- TASK ITEM -
Every line below needs to be returned exactly as written.

- DATA SUPPLIED -
BEGIN
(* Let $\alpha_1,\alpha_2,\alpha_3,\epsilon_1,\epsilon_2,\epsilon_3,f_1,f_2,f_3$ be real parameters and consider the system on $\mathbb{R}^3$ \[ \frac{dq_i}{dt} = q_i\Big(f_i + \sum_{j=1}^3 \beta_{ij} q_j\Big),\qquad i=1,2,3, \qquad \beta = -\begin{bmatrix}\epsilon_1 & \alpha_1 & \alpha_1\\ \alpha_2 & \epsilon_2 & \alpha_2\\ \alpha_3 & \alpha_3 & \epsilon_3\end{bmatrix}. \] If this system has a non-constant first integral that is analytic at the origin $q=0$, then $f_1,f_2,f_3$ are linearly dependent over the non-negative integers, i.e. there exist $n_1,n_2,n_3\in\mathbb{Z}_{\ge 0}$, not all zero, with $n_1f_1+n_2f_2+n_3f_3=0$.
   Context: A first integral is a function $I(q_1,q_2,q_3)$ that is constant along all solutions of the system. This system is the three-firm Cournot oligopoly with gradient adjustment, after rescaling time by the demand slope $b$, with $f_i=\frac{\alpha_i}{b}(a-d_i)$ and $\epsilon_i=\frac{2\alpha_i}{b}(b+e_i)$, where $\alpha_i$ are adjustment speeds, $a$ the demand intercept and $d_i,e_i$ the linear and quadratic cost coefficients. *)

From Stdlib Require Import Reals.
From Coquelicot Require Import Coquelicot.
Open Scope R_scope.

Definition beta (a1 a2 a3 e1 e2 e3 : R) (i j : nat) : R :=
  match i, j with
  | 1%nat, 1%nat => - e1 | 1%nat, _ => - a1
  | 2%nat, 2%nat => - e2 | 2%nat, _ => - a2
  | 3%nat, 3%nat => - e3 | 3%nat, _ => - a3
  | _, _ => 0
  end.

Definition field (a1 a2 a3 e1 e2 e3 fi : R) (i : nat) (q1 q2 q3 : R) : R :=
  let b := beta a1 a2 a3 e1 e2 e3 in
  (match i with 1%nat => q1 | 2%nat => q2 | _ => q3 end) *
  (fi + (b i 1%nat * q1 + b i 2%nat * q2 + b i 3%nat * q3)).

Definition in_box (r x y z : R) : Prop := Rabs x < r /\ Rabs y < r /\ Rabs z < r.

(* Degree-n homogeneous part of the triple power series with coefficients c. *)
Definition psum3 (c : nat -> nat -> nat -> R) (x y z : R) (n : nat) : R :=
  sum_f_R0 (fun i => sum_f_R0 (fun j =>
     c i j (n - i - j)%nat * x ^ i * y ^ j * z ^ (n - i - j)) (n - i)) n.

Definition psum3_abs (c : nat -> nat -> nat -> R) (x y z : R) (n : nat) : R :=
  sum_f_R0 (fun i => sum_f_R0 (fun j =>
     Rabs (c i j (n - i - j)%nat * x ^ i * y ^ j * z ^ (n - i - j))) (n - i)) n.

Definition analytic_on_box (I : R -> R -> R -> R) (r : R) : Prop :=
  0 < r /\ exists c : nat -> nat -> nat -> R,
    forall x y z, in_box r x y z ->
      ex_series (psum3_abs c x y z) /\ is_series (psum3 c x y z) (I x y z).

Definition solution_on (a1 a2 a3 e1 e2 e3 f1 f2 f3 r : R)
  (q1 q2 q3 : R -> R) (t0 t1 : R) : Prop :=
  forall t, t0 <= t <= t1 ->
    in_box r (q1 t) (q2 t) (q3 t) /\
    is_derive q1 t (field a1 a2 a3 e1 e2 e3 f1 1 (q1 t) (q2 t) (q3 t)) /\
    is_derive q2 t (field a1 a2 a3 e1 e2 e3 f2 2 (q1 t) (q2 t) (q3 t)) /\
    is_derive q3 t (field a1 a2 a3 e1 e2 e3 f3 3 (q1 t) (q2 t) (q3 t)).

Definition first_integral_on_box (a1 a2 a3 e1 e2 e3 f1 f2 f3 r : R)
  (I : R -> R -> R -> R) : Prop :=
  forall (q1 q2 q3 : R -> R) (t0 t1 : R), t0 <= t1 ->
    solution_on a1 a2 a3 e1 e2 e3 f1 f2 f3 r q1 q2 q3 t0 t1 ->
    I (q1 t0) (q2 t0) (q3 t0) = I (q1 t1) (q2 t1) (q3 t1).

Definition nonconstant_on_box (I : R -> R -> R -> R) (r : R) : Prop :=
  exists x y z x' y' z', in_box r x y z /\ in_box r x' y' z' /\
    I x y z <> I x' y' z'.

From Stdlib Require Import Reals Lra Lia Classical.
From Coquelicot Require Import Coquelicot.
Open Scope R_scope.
END
- ANSWER SECTION -
(* Let $\alpha_1,\alpha_2,\alpha_3,\epsilon_1,\epsilon_2,\epsilon_3,f_1,f_2,f_3$ be real parameters and consider the system on $\mathbb{R}^3$ \[ \frac{dq_i}{dt} = q_i\Big(f_i + \sum_{j=1}^3 \beta_{ij} q_j\Big),\qquad i=1,2,3, \qquad \beta = -\begin{bmatrix}\epsilon_1 & \alpha_1 & \alpha_1\\ \alpha_2 & \epsilon_2 & \alpha_2\\ \alpha_3 & \alpha_3 & \epsilon_3\end{bmatrix}. \] If this system has a non-constant first integral that is analytic at the origin $q=0$, then $f_1,f_2,f_3$ are linearly dependent over the non-negative integers, i.e. there exist $n_1,n_2,n_3\in\mathbb{Z}_{\ge 0}$, not all zero, with $n_1f_1+n_2f_2+n_3f_3=0$.
   Context: A first integral is a function $I(q_1,q_2,q_3)$ that is constant along all solutions of the system. This system is the three-firm Cournot oligopoly with gradient adjustment, after rescaling time by the demand slope $b$, with $f_i=\frac{\alpha_i}{b}(a-d_i)$ and $\epsilon_i=\frac{2\alpha_i}{b}(b+e_i)$, where $\alpha_i$ are adjustment speeds, $a$ the demand intercept and $d_i,e_i$ the linear and quadratic cost coefficients. *)

From Stdlib Require Import Reals.
From Coquelicot Require Import Coquelicot.
Open Scope R_scope.

Definition beta (a1 a2 a3 e1 e2 e3 : R) (i j : nat) : R :=
  match i, j with
  | 1%nat, 1%nat => - e1 | 1%nat, _ => - a1
  | 2%nat, 2%nat => - e2 | 2%nat, _ => - a2
  | 3%nat, 3%nat => - e3 | 3%nat, _ => - a3
  | _, _ => 0
  end.

Definition field (a1 a2 a3 e1 e2 e3 fi : R) (i : nat) (q1 q2 q3 : R) : R :=
  let b := beta a1 a2 a3 e1 e2 e3 in
  (match i with 1%nat => q1 | 2%nat => q2 | _ => q3 end) *
  (fi + (b i 1%nat * q1 + b i 2%nat * q2 + b i 3%nat * q3)).

Definition in_box (r x y z : R) : Prop := Rabs x < r /\ Rabs y < r /\ Rabs z < r.

(* Degree-n homogeneous part of the triple power series with coefficients c. *)
Definition psum3 (c : nat -> nat -> nat -> R) (x y z : R) (n : nat) : R :=
  sum_f_R0 (fun i => sum_f_R0 (fun j =>
     c i j (n - i - j)%nat * x ^ i * y ^ j * z ^ (n - i - j)) (n - i)) n.

Definition psum3_abs (c : nat -> nat -> nat -> R) (x y z : R) (n : nat) : R :=
  sum_f_R0 (fun i => sum_f_R0 (fun j =>
     Rabs (c i j (n - i - j)%nat * x ^ i * y ^ j * z ^ (n - i - j))) (n - i)) n.

Definition analytic_on_box (I : R -> R -> R -> R) (r : R) : Prop :=
  0 < r /\ exists c : nat -> nat -> nat -> R,
    forall x y z, in_box r x y z ->
      ex_series (psum3_abs c x y z) /\ is_series (psum3 c x y z) (I x y z).

Definition solution_on (a1 a2 a3 e1 e2 e3 f1 f2 f3 r : R)
  (q1 q2 q3 : R -> R) (t0 t1 : R) : Prop :=
  forall t, t0 <= t <= t1 ->
    in_box r (q1 t) (q2 t) (q3 t) /\
    is_derive q1 t (field a1 a2 a3 e1 e2 e3 f1 1 (q1 t) (q2 t) (q3 t)) /\
    is_derive q2 t (field a1 a2 a3 e1 e2 e3 f2 2 (q1 t) (q2 t) (q3 t)) /\
    is_derive q3 t (field a1 a2 a3 e1 e2 e3 f3 3 (q1 t) (q2 t) (q3 t)).

Definition first_integral_on_box (a1 a2 a3 e1 e2 e3 f1 f2 f3 r : R)
  (I : R -> R -> R -> R) : Prop :=
  forall (q1 q2 q3 : R -> R) (t0 t1 : R), t0 <= t1 ->
    solution_on a1 a2 a3 e1 e2 e3 f1 f2 f3 r q1 q2 q3 t0 t1 ->
    I (q1 t0) (q2 t0) (q3 t0) = I (q1 t1) (q2 t1) (q3 t1).

Definition nonconstant_on_box (I : R -> R -> R -> R) (r : R) : Prop :=
  exists x y z x' y' z', in_box r x y z /\ in_box r x' y' z' /\
    I x y z <> I x' y' z'.

From Stdlib Require Import Reals Lra Lia Classical.
From Coquelicot Require Import Coquelicot.
Open Scope R_scope.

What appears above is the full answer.